Я сидел, слушал историю его злоключений, и по моим щекам катились слезы. Оказывается, моему одинокому брату не к кому было обратиться за помощью — все друзья куда-то испарились, а других фабрик по производству футляров для трубок поблизости не было (к тому времени их выпуск перестал быть рентабельным).
Я пришел к Генри, чтобы занять пару центов — на худой конец, четверть доллара, но у него не было ни гроша, не хватало еще просить у нищего. Скорее уж, наоборот, мне следовало бы отправиться домой и наскрести где-нибудь деньжат для него, но я так же, как и он, уже давно и безуспешно бился головой о каменную стену.
Мы вместе вышли из его дома и отправились к железнодорожной станции по темной, грязной дороге, пролегающей по отталкивающим, гадким местам. Мы пожали друг другу руки, попытались улыбнуться и распрощались. Я видел своего двоюродного брата Генри в последний раз.
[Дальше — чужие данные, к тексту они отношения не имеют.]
(* Let $n$, $q\ge2$ and $a\in[1:n]$ be integers, and $\nu=\lceil (n+1)/a\rceil$. For any $\mathbf{l}=(l_1,\dots,l_{q-1})\in[1:\nu]^{q-1}$, the cell $$C_{\mathbf{l}}=\{\mathbf{t}\in\mathcal{N}_{q,n}:(l_i-1)a\le t_i\le l_ia-1\ \ \forall i\in[1:q-1]\}$$ is non-empty if and only if $q-1\le\sum_{i=1}^{q-1}l_i\le\frac na+(q-1)$.
   Context: $\mathcal{N}_{q,n}=\{\mathbf{t}\in\mathbb{Z}_{\ge0}^q:\sum_{i=1}^qt_i=n\}$. *)

From mathcomp Require Import all_boot all_order all_algebra.
Set Implicit Arguments. Unset Strict Implicit. Unset Printing Implicit Defensive.

Definition ceil_div (m d : nat) : nat := (m + d - 1) %/ d.

Definition nu (n a : nat) : nat := ceil_div n.+1 a.

(* t in N_{q,n}: t = (t_1,...,t_q) (coordinates 1..q of t : nat -> nat),
   nonnegative integers summing to n *)
Definition in_Nqn (q n : nat) (t : nat -> nat) : Prop :=
  \sum_(1 <= i < q.+1) t i = n.

Definition in_cell (q n a : nat) (l t : nat -> nat) : Prop :=
  in_Nqn q n t /\
  forall i, 1 <= i <= q - 1 -> (l i - 1) * a <= t i <= l i * a - 1.

(* Only the lower ends [(l_i - 1) a] of the intervals matter: the free last
   coordinate [t_q = n - sum_{i<q} t_i] absorbs the rest, so the cell is
   non-empty exactly when [sum_{i<q} (l_i - 1) a <= n], i.e. when
   [sum_i l_i <= n/a + (q - 1)]; the lower bound [q - 1 <= sum_i l_i] is just
   [l_i >= 1]. *)
From Stdlib Require Import Setoid.
From mathcomp Require Import all_boot all_order all_algebra.
Import GRing.Theory Num.Theory.

Lemma sum_nat_subn1 {m k : nat} {l : nat -> nat} :
  (forall i, m <= i < k -> 0 < l i) ->
  \sum_(m <= i < k) (l i - 1) + (k - m) = \sum_(m <= i < k) l i.
Proof.
move=> l_gt0; rewrite -[k - m]muln1 -sum_nat_const_nat -big_split /=.
by rewrite !big_nat; apply: eq_bigr => i /l_gt0; exact: subnK.
Qed.

Lemma ler_add_divn {R : numFieldType} (d c n a : nat) : 0 < a ->
  ((d + c)%:R <= n%:R / a%:R + c%:R :> R)%R = (d * a <= n).
Proof. by move=> a_gt0; rewrite natrD lerD2r ler_pdivlMr ?ltr0n // -natrM ler_nat. Qed.

Section Cell.

Variables (q n a : nat) (l : nat -> nat).
Hypothesis q_gt0 : 0 < q.

Let cell_index (i : nat) : (1 <= i <= q - 1) = (0 < i < q).
Proof. by rewrite leq_subRL // add1n. Qed.

Lemma in_cell_lower_sum (t : nat -> nat) :
  in_cell q n a l t -> \sum_(1 <= i < q) (l i - 1) * a <= n.
Proof.
case=> <- t_in; rewrite big_nat_recr //; apply: leq_trans (leq_addr _ _).
rewrite !big_nat; apply: leq_sum => i i_q.
by rewrite -cell_index in i_q; case/andP: (t_in i i_q).
Qed.

Hypotheses (a_gt0 : 0 < a) (l_gt0 : forall i, 0 < i < q -> 0 < l i).

Definition cell_witness (i : nat) : nat :=
  if i < q then (l i - 1) * a else n - \sum_(1 <= j < q) (l j - 1) * a.

Lemma cell_witness_in_cell :
  \sum_(1 <= i < q) (l i - 1) * a <= n -> in_cell q n a l cell_witness.
Proof.
move=> low_n; split.
- rewrite /in_Nqn big_nat_recr //= /cell_witness ltnn.
  by rewrite (@eq_big_nat _ _ _ 1 q _ (fun i => (l i - 1) * a)) ?subnKC // => i /andP[_ ->].
- move=> i; rewrite cell_index => i_range; have li_gt0 := l_gt0 i i_range.
  case/andP: i_range => _ i_lt_q.
  by rewrite /cell_witness i_lt_q leqnn mulnBl mul1n leq_sub2l.
Qed.

Lemma cell_nonempty_iff :
  (exists t, in_cell q n a l t) <-> \sum_(1 <= i < q) (l i - 1) * a <= n.
Proof.
split=> [[t]|low_n]; first exact: in_cell_lower_sum.
by exists cell_witness; apply: cell_witness_in_cell.
Qed.

End Cell.

Theorem lemma12 (n q a : nat) (l : nat -> nat) :
  (2 <= n)%N -> (2 <= q)%N -> (1 <= a <= n)%N ->
  (forall i, (1 <= i <= q - 1)%N -> (1 <= l i <= nu n a)%N) ->
  ((exists t : nat -> nat, in_cell q n a l t) <->
   ((q - 1 <= \sum_(1 <= i < q) l i)%N /\
    ((\sum_(1 <= i < q) l i)%:R <= (n%:R / a%:R + (q - 1)%:R : rat))%R)).
Proof.
move=> _ q_ge2 /andP[a_gt0 _] l_range.
have q_gt0 : 0 < q by apply: leq_trans q_ge2.
have l_gt0 i : 0 < i < q -> 0 < l i.
  move=> i_q; have i_range : 0 < i <= q - 1 by rewrite leq_subRL // add1n.
  by case/andP: (l_range i i_range).
rewrite cell_nonempty_iff // -(sum_nat_subn1 l_gt0) ler_add_divn // big_distrl /=.
by rewrite leq_addl; split=> [|[]].
Qed.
В средней школе у меня был только один соперник — такой же интеллектуал, как и я, но гораздо более серьезный и амбициозный ученик. Он поставил перед собой цель стать президентом Соединенных Штатов — ни больше ни меньше. Его отец был сапожником и иммигрантом с Сицилии, однако скромное происхождение только подогревало пыл неуемного отпрыска, которого к тому же в семье очень любили и поддерживали во всех начинаниях.
Мы с Джимми неплохо ладили, хотя настоящей близости между нами так и не возникло. В школе я больше дружил с Джеком Лоутоном, но он умер совсем мальчишкой от порока сердца (в возрасте двенадцати или тринадцати лет).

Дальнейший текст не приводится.